As of January 1, 2010, the federal estate tax has been repealed for estates of people dying this year. While that may seem like good news for the beneficiaries of your estate, there are potentially negative consequences of the repeal. First, many estate planning documents are drafted based on the assumption that there will be an estate tax in place, and are therefore structured to pass as much wealth as possible to beneficiaries free of the tax. For example, in 2009 when $3.5 million worth of assets were exempt from estate tax, an amount equal to the exemption would be passed to non-spouse beneficiaries (using what’s known as a credit shelter trust), and the remaining assets to the surviving spouse. However, if the first spouse were to die this year, there is a risk that all assets would pass to the credit shelter trust, potentially leaving the surviving spouse with nothing.

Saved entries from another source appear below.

Lemma zposN (z : int) : zpos (- z) = zneg z.
Proof. by case: z => [[|k]|k]; rewrite /zpos /zneg /=. Qed.

Lemma znegN (z : int) : zneg (- z) = zpos z.
Proof. by rewrite -[in RHS](opprK z) zposN. Qed.

Lemma zpos_gt0 (z : int) : 0 < z -> (0 < zpos z)%N.
Proof. by case: z => [[|k]|k]. Qed.

Lemma zneg_gt0 (z : int) : (0 < zneg z)%N -> z < 0.
Proof. by case: z => [k|k]; rewrite /zneg. Qed.

Lemma sum_zpos_zneg (n : nat) (u : 'I_n -> int) :
  \sum_l u l = 0 -> (\sum_l zpos (u l) = \sum_l zneg (u l))%N.
Proof.
move=> u_sum0; apply/eqP; rewrite -eqz_nat -subr_eq0 -[X in X - _]intz -[X in _ - X]intz.
rewrite !sumMz -sumrB -[X in _ == X]u_sum0; apply/eqP; apply: eq_bigr => l _.
by rewrite !intz -zposBzneg.
Qed.

Section Binomials.
Variables (F : fieldType) (n : nat).
Implicit Types (p q : 'I_n -> F) (u : 'cV[int]_n).

Definition binomial_root p u :=
  \prod_l p l ^+ zpos (u l 0) = \prod_l p l ^+ zneg (u l 0).

Lemma binomial_rootN p u : binomial_root p (- u) <-> binomial_root p u.
Proof.
have prodN (e e' : int -> nat) : (forall z, e (- z) = e' z) ->
    \prod_l p l ^+ e ((- u) l 0) = \prod_l p l ^+ e' (u l 0).
  by move=> ee'; apply: eq_bigr => l _; rewrite mxE ee'.
by rewrite /binomial_root (prodN _ _ zposN) (prodN _ _ znegN); split=> ->.
Qed.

Second, beneficiaries will now be subjected to capital gains liability that did not exist when the estate tax was in effect. Before the repeal, heirs received a “step-up” in their cost basis for inherited assets to the value of that asset on the deceased’s date of death, meaning that they wouldn’t be responsible for paying capital gains on the amount that the asset appreciated during the original owner’s lifetime. Now that the estate tax has been repealed, the step-up has been eliminated and replaced with new “carryover basis” rules which require heirs to use the price originally paid when determining capital gains. In addition to the record-keeping problems created by having to track how much was paid for the asset, the full amount of appreciation will be taxed to the beneficiaries as capital gains when the asset is sold. Fortunately, there is some relief for beneficiaries, since up to $1.3 million in capital gains is exempt from tax (and an additional $3 million is exempt if the beneficiary is a spouse).


Though the estate tax has disappeared for now, there is still a possibility that Congress will act to reinstate the tax retroactively for 2010. And even if the tax is not reinstated this year, it is scheduled to come back as of January 1, 2011, with only $1 million in assets exempt and the excess taxed at a rate of up to 55%.